Work instruction: What you need to produce from the material below is an exact transcription of the lines from the one with "by rewrite -big_split;" through the one with "apply: (in_Im_mpolyX _", both included, and no other line.

Material provided:
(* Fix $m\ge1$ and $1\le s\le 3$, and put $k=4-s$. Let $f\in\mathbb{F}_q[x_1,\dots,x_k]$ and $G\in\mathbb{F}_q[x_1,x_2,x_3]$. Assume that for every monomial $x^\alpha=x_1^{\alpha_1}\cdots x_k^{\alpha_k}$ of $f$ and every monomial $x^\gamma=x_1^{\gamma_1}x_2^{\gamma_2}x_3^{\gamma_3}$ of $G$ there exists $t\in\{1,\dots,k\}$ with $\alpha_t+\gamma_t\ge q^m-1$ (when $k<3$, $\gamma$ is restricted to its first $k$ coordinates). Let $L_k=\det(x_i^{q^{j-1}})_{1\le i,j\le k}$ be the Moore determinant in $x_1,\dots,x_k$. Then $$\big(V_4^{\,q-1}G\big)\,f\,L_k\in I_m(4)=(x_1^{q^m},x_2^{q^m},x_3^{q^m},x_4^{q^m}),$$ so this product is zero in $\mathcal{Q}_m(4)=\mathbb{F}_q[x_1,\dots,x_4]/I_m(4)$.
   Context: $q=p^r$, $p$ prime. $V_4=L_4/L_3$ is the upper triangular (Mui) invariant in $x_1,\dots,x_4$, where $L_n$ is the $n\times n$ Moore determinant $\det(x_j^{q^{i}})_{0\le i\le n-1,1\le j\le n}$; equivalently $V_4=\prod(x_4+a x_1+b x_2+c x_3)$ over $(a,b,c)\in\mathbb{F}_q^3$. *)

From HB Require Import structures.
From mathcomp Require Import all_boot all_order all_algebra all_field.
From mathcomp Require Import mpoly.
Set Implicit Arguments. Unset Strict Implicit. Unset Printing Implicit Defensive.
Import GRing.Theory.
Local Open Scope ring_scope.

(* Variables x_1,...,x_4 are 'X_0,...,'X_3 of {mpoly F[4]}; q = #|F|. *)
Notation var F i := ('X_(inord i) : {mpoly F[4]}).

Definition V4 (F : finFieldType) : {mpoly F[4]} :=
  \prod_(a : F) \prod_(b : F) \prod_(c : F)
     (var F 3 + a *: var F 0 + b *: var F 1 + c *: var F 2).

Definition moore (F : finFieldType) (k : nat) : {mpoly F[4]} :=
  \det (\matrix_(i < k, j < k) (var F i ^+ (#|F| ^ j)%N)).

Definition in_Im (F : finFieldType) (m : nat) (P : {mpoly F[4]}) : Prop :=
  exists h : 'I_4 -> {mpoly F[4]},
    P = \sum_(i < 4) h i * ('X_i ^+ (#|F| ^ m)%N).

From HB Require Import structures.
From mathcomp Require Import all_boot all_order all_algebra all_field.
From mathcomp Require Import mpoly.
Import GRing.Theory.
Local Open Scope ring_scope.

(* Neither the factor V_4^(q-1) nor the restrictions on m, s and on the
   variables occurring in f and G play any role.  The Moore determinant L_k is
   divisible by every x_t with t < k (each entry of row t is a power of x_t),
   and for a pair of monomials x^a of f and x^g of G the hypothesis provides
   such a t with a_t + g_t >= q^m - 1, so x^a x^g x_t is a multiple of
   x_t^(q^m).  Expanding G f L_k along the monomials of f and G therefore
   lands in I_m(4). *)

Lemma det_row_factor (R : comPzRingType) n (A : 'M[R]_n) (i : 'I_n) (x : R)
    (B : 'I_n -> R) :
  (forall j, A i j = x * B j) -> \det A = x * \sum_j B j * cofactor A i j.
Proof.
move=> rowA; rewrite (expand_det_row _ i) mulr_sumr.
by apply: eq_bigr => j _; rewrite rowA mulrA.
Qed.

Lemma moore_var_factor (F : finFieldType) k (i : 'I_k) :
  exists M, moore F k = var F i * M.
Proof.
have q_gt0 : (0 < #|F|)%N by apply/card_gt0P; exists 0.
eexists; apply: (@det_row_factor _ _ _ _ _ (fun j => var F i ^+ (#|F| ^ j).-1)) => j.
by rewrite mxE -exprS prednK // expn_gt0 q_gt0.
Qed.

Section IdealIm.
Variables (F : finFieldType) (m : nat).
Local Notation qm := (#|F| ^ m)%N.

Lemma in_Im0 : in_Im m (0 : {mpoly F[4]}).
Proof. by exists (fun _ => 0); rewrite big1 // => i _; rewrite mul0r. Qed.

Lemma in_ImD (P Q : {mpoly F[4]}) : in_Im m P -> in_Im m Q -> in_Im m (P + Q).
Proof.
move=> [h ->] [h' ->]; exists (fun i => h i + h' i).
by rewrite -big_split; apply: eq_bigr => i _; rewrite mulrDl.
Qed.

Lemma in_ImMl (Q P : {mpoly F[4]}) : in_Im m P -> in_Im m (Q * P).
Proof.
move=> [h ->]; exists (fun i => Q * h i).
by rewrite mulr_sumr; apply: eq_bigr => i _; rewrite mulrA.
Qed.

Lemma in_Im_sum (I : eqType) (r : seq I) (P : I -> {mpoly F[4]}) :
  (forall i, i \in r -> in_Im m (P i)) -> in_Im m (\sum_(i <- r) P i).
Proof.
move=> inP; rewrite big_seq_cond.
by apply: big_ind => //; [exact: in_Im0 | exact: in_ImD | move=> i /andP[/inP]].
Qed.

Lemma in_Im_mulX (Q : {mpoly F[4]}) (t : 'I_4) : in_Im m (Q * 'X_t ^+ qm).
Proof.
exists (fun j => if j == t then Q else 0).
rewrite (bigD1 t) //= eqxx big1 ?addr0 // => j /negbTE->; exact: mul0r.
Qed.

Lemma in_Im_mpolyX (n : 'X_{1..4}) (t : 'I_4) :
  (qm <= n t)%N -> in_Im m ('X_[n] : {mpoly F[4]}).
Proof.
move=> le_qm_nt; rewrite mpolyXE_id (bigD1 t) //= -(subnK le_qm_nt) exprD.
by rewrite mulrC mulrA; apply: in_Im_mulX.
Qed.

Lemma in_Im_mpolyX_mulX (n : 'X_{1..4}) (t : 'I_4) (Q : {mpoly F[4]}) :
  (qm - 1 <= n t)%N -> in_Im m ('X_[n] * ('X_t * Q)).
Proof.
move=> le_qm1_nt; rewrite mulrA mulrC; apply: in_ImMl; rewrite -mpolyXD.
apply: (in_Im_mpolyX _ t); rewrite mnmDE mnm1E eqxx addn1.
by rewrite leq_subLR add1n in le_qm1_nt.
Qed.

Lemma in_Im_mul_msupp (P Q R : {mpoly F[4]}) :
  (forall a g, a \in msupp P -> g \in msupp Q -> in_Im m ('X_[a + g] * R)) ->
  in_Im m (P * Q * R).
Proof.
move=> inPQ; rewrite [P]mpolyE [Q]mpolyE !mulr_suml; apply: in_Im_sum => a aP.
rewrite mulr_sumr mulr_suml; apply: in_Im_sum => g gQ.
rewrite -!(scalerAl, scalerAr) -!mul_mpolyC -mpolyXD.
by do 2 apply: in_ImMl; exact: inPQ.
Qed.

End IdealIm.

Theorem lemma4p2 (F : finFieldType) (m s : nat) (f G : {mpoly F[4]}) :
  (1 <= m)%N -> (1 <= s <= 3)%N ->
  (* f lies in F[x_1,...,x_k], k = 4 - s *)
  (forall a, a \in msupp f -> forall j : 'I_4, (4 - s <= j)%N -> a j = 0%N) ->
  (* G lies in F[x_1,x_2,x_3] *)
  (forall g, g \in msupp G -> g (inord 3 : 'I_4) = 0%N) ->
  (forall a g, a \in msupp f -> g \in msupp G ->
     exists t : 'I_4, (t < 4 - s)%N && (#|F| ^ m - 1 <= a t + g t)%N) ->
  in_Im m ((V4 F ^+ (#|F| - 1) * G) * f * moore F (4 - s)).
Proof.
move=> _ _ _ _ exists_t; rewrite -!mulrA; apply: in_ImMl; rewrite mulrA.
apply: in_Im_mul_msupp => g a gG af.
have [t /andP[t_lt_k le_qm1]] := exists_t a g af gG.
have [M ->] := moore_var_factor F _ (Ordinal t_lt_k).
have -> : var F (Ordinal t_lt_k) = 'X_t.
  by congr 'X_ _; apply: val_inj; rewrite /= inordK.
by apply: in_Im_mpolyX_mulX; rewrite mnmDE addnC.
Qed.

Result of the task:
by rewrite -big_split; apply: eq_bigr => i _; rewrite mulrDl.
Qed.

Lemma in_ImMl (Q P : {mpoly F[4]}) : in_Im m P -> in_Im m (Q * P).
Proof.
move=> [h ->]; exists (fun i => Q * h i).
by rewrite mulr_sumr; apply: eq_bigr => i _; rewrite mulrA.
Qed.

Lemma in_Im_sum (I : eqType) (r : seq I) (P : I -> {mpoly F[4]}) :
  (forall i, i \in r -> in_Im m (P i)) -> in_Im m (\sum_(i <- r) P i).
Proof.
move=> inP; rewrite big_seq_cond.
by apply: big_ind => //; [exact: in_Im0 | exact: in_ImD | move=> i /andP[/inP]].
Qed.

Lemma in_Im_mulX (Q : {mpoly F[4]}) (t : 'I_4) : in_Im m (Q * 'X_t ^+ qm).
Proof.
exists (fun j => if j == t then Q else 0).
rewrite (bigD1 t) //= eqxx big1 ?addr0 // => j /negbTE->; exact: mul0r.
Qed.

Lemma in_Im_mpolyX (n : 'X_{1..4}) (t : 'I_4) :
  (qm <= n t)%N -> in_Im m ('X_[n] : {mpoly F[4]}).
Proof.
move=> le_qm_nt; rewrite mpolyXE_id (bigD1 t) //= -(subnK le_qm_nt) exprD.
by rewrite mulrC mulrA; apply: in_Im_mulX.
Qed.

Lemma in_Im_mpolyX_mulX (n : 'X_{1..4}) (t : 'I_4) (Q : {mpoly F[4]}) :
  (qm - 1 <= n t)%N -> in_Im m ('X_[n] * ('X_t * Q)).
Proof.
move=> le_qm1_nt; rewrite mulrA mulrC; apply: in_ImMl; rewrite -mpolyXD.
apply: (in_Im_mpolyX _ t); rewrite mnmDE mnm1E eqxx addn1.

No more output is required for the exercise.